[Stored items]
-.-.-
Lemma mu0 f : mu f 0 = 1%:E.
Proof. by rewrite /mu /kappa eqxx adde0. Qed.

Lemma mu_fin {f x} :
  (kappa f x < +oo)%E -> mu f x = (fine (mu f x))%:E /\ 1 <= fine (mu f x).
Proof.
rewrite /mu /kappa; case: ifP => _; first by rewrite adde0.
case: ifP => _ //= _; split => //.
by rewrite lerDl mulr_ge0 // invr_ge0.
Qed.

Lemma amenable_of_gauge f (Omega : set R) T (L : R) : 0 <= L ->
  (forall x y, x != 0 -> `|y - x| <= `|x| / 2 ->
     `|T y - T x| <= L * `|y - x| / `|x|) ->
  (forall y, y != 0 -> T y != 0 -> Omega y /\ (kappa f y < +oo)%E) ->
  (forall y, y != 0 -> Omega y -> (kappa f y < +oo)%E ->
     1 <= `|T y| * fine (mu f y) <= 2) ->
  amenable f Omega.
Proof.
move=> L0 T_lip T_dom T_mu.
(* [C = 4 L + 8] keeps the relative radius below [1/8] and lets [T] move by at
   most half of the lower bound [1 / mu] on [|T|]. *)
pose C := 4 * L + 8; have C8 : 8 <= C by rewrite /C lerDr mulr_ge0.
exists C; split; first exact: lt_le_trans C8.
move=> x Ox kx /=; have [x0|x0] := eqVneq x 0.
  subst x; rewrite mu0 /= mulr1; split => y /rdist0_lt_fin -> //.
  by rewrite mu0 lee_fin; lra.
have [_ m1] := mu_fin kx; have [Tx1 _] := andP (T_mu x x0 Ox kx).
set m := fine (mu f x) in m1 Tx1 *.
have ball y : (rdist y x < ((C * m)^-1)%:E)%E ->
    [/\ y != 0, T y != 0 & 1 <= `|T y| * (2 * m)].
  set d := (C * m)^-1 => ryx.
  have Cm_gt0 : 0 < C * m by rewrite mulr_gt0 //; lra.
  have dCm : d * (C * m) = 1 by rewrite mulVf ?gt_eqF.
  have d_gt0 : 0 < d by rewrite invr_gt0.
  have d8 : d * 8 <= 1 by rewrite -[leRHS]dCm ler_pM2l //; nra.
  have x_gt0 : 0 < `|x| by rewrite normr_gt0.
  have yx : `|y - x| <= 2 * d * `|x| by apply: rdist_lt_close ryx => //; lra.
  have y0 : y != 0.
    by apply: contraTneq yx => ->; rewrite sub0r normrN -ltNge; nra.
  have yx_half : `|y - x| <= `|x| / 2 by nra.
  have Tyx : `|T y - T x| <= L * (2 * d).
    by have := T_lip x y x0 yx_half; rewrite ler_pdivlMr //; nra.
  have Ty_ge : `|T x| - `|T y - T x| <= `|T y|.
    by have := lerB_normD (T x) (T y - T x); rewrite [T x + _]addrC subrK.
  have dm_ge0 : 0 <= d * m by rewrite mulr_ge0 ?ltW //; lra.
  have Ldm : 4 * L * (d * m) <= 1 by rewrite -[leRHS]dCm /C; nra.
  have m_ge0 : 0 <= m by lra.
  have Tyx_m := ler_wpM2r m_ge0 Tyx; have Ty_m := ler_wpM2r m_ge0 Ty_ge.
  have Ty : 1 <= `|T y| * (2 * m) by nra.
  by split=> //; apply: contraTneq Ty => ->; rewrite normr0 mul0r ler10.
split => y /ball[y0 Ty0 Ty]; first exact: (T_dom y y0 Ty0).1.
have [Oy ky] := T_dom y y0 Ty0; have [-> my1] := mu_fin ky; rewrite lee_fin.
have [_ Ty2] := andP (T_mu y y0 Oy ky).
by have := ler_wpM2r (le_trans ler01 my1) Ty; nra.
Qed.

End Amenability.

Section HornerGrowth.
Variable R : realFieldType.
Implicit Types (a c p : {poly R}) (x : R).

Lemma norm_horner_le_sum p (k : nat) x : (size p <= k.+1)%N -> 1 <= `|x| ->
  `|p.[x]| <= (\sum_(i < k.+1) `|p`_i|) * `|x| ^+ k.
Proof.
move=> sp x1; rewrite (horner_coef_wide x sp) mulr_suml.
apply: le_trans (ler_norm_sum _ _ _) _; apply: ler_sum => i _.
by rewrite normrM normrX ler_wpM2l // ler_weXn2l // -ltnS.
Qed.

Lemma norm_horner_ge_lead p x : p != 0 ->
  1 + 2 * (\sum_(i < (size p).-1) `|p`_i|) / `|lead_coef p| <= `|x| ->
  `|lead_coef p| * `|x| ^+ (size p).-1 / 2 <= `|p.[x]|.
Proof.
move=> p0; set n := (size p).-1; set S := \sum_(i < n) _; set l := `|lead_coef p|.
move=> x_big.
have l_gt0 : 0 < l by rewrite normr_gt0 lead_coef_eq0.
have S_ge0 : 0 <= S by rewrite sumr_ge0.
have x_ge1 : 1 <= `|x|.
  by apply: le_trans x_big; rewrite lerDl divr_ge0 ?mulr_ge0 // ltW.
have sp : size p = n.+1 by rewrite prednK // size_poly_gt0.
rewrite (horner_coef_wide x (eq_leq sp)) big_ord_recr /=.
have -> : p`_(@ord_max n) = lead_coef p by rewrite lead_coefE sp.
set rest := \sum_(i < n) _.
have rest_le : `|rest| * `|x| <= S * `|x| ^+ n.
  rewrite mulr_suml; apply: le_trans (ler_wpM2r (normr_ge0 x) (ler_norm_sum _ _ _)) _.
  rewrite mulr_suml; apply: ler_sum => i _.
  by rewrite normrM normrX -mulrA ler_wpM2l // -exprSr ler_weXn2l.
have S_le : 2 * S <= l * `|x|.
  by rewrite [leRHS]mulrC -ler_pdivrMr //; apply: le_trans x_big; rewrite lerDr.
have xn_ge0 : 0 <= `|x| ^+ n by rewrite exprn_ge0.
have := ler_wpM2r xn_ge0 S_le; have := lerB_normD (lead_coef p * x ^+ n) rest.
rewrite addrC normrM normrX -/l; nra.
Qed.

Lemma horner_bigO_infty a c : a != 0 -> (size c <= size a)%N ->
  exists r K, 0 <= K /\ forall x, r <= `|x| -> `|c.[x]| <= K * `|a.[x]|.
Proof.
move=> a0 sca; set n := (size a).-1; set l := `|lead_coef a|.
set Sc := \sum_(i < n.+1) `|c`_i|.
have l_gt0 : 0 < l by rewrite normr_gt0 lead_coef_eq0.
have Sc_ge0 : 0 <= Sc by rewrite sumr_ge0.
exists (1 + 2 * (\sum_(i < n) `|a`_i|) / l), (2 * Sc / l).
split => [|x x_big]; first by rewrite divr_ge0 ?mulr_ge0 // ltW.
have x_ge1 : 1 <= `|x|.
  by apply: le_trans x_big; rewrite lerDl divr_ge0 ?mulr_ge0 ?sumr_ge0 // ltW.
have c_le : `|c.[x]| <= Sc * `|x| ^+ n.
  exact: norm_horner_le_sum (leq_trans sca (leqSpred _)) x_ge1.
have a_ge : l * `|x| ^+ n / 2 <= `|a.[x]| by exact: norm_horner_ge_lead.
have xn_le : `|x| ^+ n <= 2 * `|a.[x]| / l by rewrite ler_pdivlMr //; lra.
apply: le_trans c_le (le_trans (ler_wpM2l Sc_ge0 xn_le) _); lra.
Qed.

End HornerGrowth.

Section Wronskian.
Variable R : numFieldType.
Implicit Types (p q : {poly R}) (a : R).

Definition xwronskian p q := 'X * (p^`() * q - p * q^`()).
Definition kappa_gcd p q := gcdp (p * q) (xwronskian p q).
Definition kappa_den p q := (p * q) %/ kappa_gcd p q.
Definition kappa_num p q := xwronskian p q %/ kappa_gcd p q.

Lemma xwronskianC p q : xwronskian q p = - xwronskian p q.
Proof. by rewrite /xwronskian; ring. Qed.

Lemma dvdp_XsubC_expS_xwronskian p q a (k : nat) : a != 0 -> ~~ root q a ->
  ('X - a%:P) ^+ k.+1 %| p * q -> ('X - a%:P) ^+ k.+1 %| xwronskian p q ->
  ('X - a%:P) ^+ k.+2 %| p * q.
Proof.
move=> a0 qa; set u := 'X - a%:P; set e := u ^+ k.+1 => e_pq e_W.
have u0 : u != 0 by rewrite polyXsubC_eq0.
have e_q : coprimep e q by rewrite coprimep_expl // coprimep_sym coprimep_XsubC.
have e_X : coprimep e 'X.
  by rewrite coprimep_expl // coprimep_sym coprimep_XsubC rootX.
have e_p : e %| p by rewrite -(Gauss_dvdpl _ e_q).
have e_Xp'q : e %| 'X * (p^`() * q).
  have -> : 'X * (p^`() * q) = xwronskian p q + 'X * (p * q^`()) by rewrite /xwronskian; ring.
  by rewrite dvdp_add // dvdp_mull // dvdp_mulr.
have e_p' : e %| p^`().
  by move: e_Xp'q; rewrite mulrC (Gauss_dvdpl _ e_X) (Gauss_dvdpl _ e_q).
have [s p_se] := dvdpP _ _ e_p.
(* [p' = s' e + (k + 1) s u ^ k], and [k + 1 != 0] in characteristic 0. *)
have u_s : u %| s.
  move: e_p'; rewrite p_se derivM deriv_exp derivXsubC mul1r /=.
  rewrite (dvdp_addr _ (dvdp_mull _ (dvdpp e))) mulrnAr -mulrnAl /e exprS.
  by rewrite dvdp_mul2r ?expf_neq0 // /u !dvdp_XsubCl /root hornerMn mulrn_eq0.
by rewrite p_se dvdp_mulr // exprSr mulrC dvdp_mul.
Qed.

Lemma kappa_gcd_neq0 p q : p * q != 0 -> kappa_gcd p q != 0.
Proof. by move=> pq0; rewrite gcdp_eq0 negb_and pq0. Qed.

Lemma kappa_denE p q : p * q = kappa_den p q * kappa_gcd p q.
Proof. by rewrite divpK ?dvdp_gcdl. Qed.

Lemma kappa_numE p q : xwronskian p q = kappa_num p q * kappa_gcd p q.
Proof. by rewrite divpK ?dvdp_gcdr. Qed.

Lemma coprimep_kappa p q : p * q != 0 -> coprimep (kappa_den p q) (kappa_num p q).
Proof. by move=> pq0; rewrite coprimep_div_gcd ?pq0. Qed.

Lemma root_kappa_den p q a : (forall x, ~ (root p x /\ root q x)) ->
  p * q != 0 -> a != 0 -> root (p * q) a -> root (kappa_den p q) a.
Proof.
move=> no_common pq0 a0 pq_a; apply: contraT => den_a.
have [m [r + pq_r]] := multiplicity_XsubC (p * q) a; rewrite pq0 /= => r_a.
set u := 'X - a%:P in pq_r.
case: m pq_r => [|k] pq_r.
  by move: pq_a; rewrite pq_r expr0 mulr1 (negbTE r_a).
have u_pq : u ^+ k.+1 %| p * q by rewrite pq_r dvdp_mull.
have u_W : u ^+ k.+1 %| xwronskian p q.
  apply: dvdp_trans (dvdp_gcdr (p * q) _).
  have u_den : coprimep (u ^+ k.+1) (kappa_den p q).
    by rewrite coprimep_expl // coprimep_sym coprimep_XsubC.
  by rewrite -(Gauss_dvdpr _ u_den) -kappa_denE.
have u_pq2 : u ^+ k.+2 %| p * q.
  move: pq_a; rewrite rootM => /orP[p_a|q_a].
    apply: dvdp_XsubC_expS_xwronskian => //.
    by apply/negP => q_a; apply: (no_common a).
  rewrite mulrC; apply: dvdp_XsubC_expS_xwronskian => //.
  - by apply/negP => p_a; apply: (no_common a).
  - by rewrite mulrC.
  - by rewrite xwronskianC dvdpNr.
move: u_pq2; rewrite pq_r exprS dvdp_mul2r ?expf_neq0 ?polyXsubC_eq0 //.
by rewrite dvdp_XsubCl (negbTE r_a).
Qed.

Lemma size_X_deriv p : (size ('X * p^`())%R <= size p)%N.
Proof.
have [->|p0] := eqVneq p 0; first by rewrite deriv0 mulr0 size_poly0.
by apply: leq_trans (size_polyMleq _ _) _; rewrite size_polyX add2n lt_size_deriv.
Qed.

Lemma size_xwronskian p q : (size (xwronskian p q) <= size (p * q)%R)%N.
Proof.
have [->|p0] := eqVneq p 0; first by rewrite /xwronskian deriv0 !mul0r subr0 mulr0.
have [->|q0] := eqVneq q 0; first by rewrite /xwronskian deriv0 !mulr0 subr0 mulr0.
apply: leq_trans (size_polyMleq _ _) _; rewrite size_polyX size_mul //.
have := size_polyD (p^`() * q) (- (p * q^`())); rewrite size_polyN.
have := size_polyMleq p^`() q; have := size_polyMleq p q^`().
have := lt_size_deriv p0; have := lt_size_deriv q0.
have := size_poly_gt0 p; have := size_poly_gt0 q; rewrite p0 q0.
rewrite add2n /=; move: (size (p^`() * q - p * q^`())%R) (size (p^`() * q)%R) (size (p * q^`())%R).
by move: (size p) (size q) (size p^`()) (size q^`()); lia.
Qed.

Lemma size_kappa_num p q : p * q != 0 ->
  (size (kappa_num p q) <= size (kappa_den p q))%N.
Proof.
by move=> pq0; rewrite !size_divp ?kappa_gcd_neq0 // leq_sub2r ?size_xwronskian.
Qed.

End Wronskian.

Lemma coprimep_sqr_horner_gt0 (R : realFieldType) (a b : {poly R}) (x : R) :
  coprimep a b -> 0 < a.[x] ^+ 2 + b.[x] ^+ 2.
Proof.
move=> ab; have [ax0|ax0] := eqVneq a.[x] 0.
  have bx0 : b.[x] != 0 by apply: coprimep_root ab _; rewrite /root ax0.
  by rewrite ax0 expr0n add0r exprn_even_gt0 //= bx0.
by rewrite ltr_pwDl ?sqr_ge0 // exprn_even_gt0 //= ax0.
Qed.

Section RealAnalysis.
Variable R : realType.
Implicit Types x : R.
-.-.-
Task requirements
Reproduce exactly the lines from the beginning of the entries above up to and including the line that contains "have dm_ge0 : 0".

Answer below
Lemma mu0 f : mu f 0 = 1%:E.
Proof. by rewrite /mu /kappa eqxx adde0. Qed.

Lemma mu_fin {f x} :
  (kappa f x < +oo)%E -> mu f x = (fine (mu f x))%:E /\ 1 <= fine (mu f x).
Proof.
rewrite /mu /kappa; case: ifP => _; first by rewrite adde0.
case: ifP => _ //= _; split => //.
by rewrite lerDl mulr_ge0 // invr_ge0.
Qed.

Lemma amenable_of_gauge f (Omega : set R) T (L : R) : 0 <= L ->
  (forall x y, x != 0 -> `|y - x| <= `|x| / 2 ->
     `|T y - T x| <= L * `|y - x| / `|x|) ->
  (forall y, y != 0 -> T y != 0 -> Omega y /\ (kappa f y < +oo)%E) ->
  (forall y, y != 0 -> Omega y -> (kappa f y < +oo)%E ->
     1 <= `|T y| * fine (mu f y) <= 2) ->
  amenable f Omega.
Proof.
move=> L0 T_lip T_dom T_mu.
(* [C = 4 L + 8] keeps the relative radius below [1/8] and lets [T] move by at
   most half of the lower bound [1 / mu] on [|T|]. *)
pose C := 4 * L + 8; have C8 : 8 <= C by rewrite /C lerDr mulr_ge0.
exists C; split; first exact: lt_le_trans C8.
move=> x Ox kx /=; have [x0|x0] := eqVneq x 0.
  subst x; rewrite mu0 /= mulr1; split => y /rdist0_lt_fin -> //.
  by rewrite mu0 lee_fin; lra.
have [_ m1] := mu_fin kx; have [Tx1 _] := andP (T_mu x x0 Ox kx).
set m := fine (mu f x) in m1 Tx1 *.
have ball y : (rdist y x < ((C * m)^-1)%:E)%E ->
    [/\ y != 0, T y != 0 & 1 <= `|T y| * (2 * m)].
  set d := (C * m)^-1 => ryx.
  have Cm_gt0 : 0 < C * m by rewrite mulr_gt0 //; lra.
  have dCm : d * (C * m) = 1 by rewrite mulVf ?gt_eqF.
  have d_gt0 : 0 < d by rewrite invr_gt0.
  have d8 : d * 8 <= 1 by rewrite -[leRHS]dCm ler_pM2l //; nra.
  have x_gt0 : 0 < `|x| by rewrite normr_gt0.
  have yx : `|y - x| <= 2 * d * `|x| by apply: rdist_lt_close ryx => //; lra.
  have y0 : y != 0.
    by apply: contraTneq yx => ->; rewrite sub0r normrN -ltNge; nra.
  have yx_half : `|y - x| <= `|x| / 2 by nra.
  have Tyx : `|T y - T x| <= L * (2 * d).
    by have := T_lip x y x0 yx_half; rewrite ler_pdivlMr //; nra.
  have Ty_ge : `|T x| - `|T y - T x| <= `|T y|.
    by have := lerB_normD (T x) (T y - T x); rewrite [T x + _]addrC subrK.
  have dm_ge0 : 0 <= d * m by rewrite mulr_ge0 ?ltW //; lra.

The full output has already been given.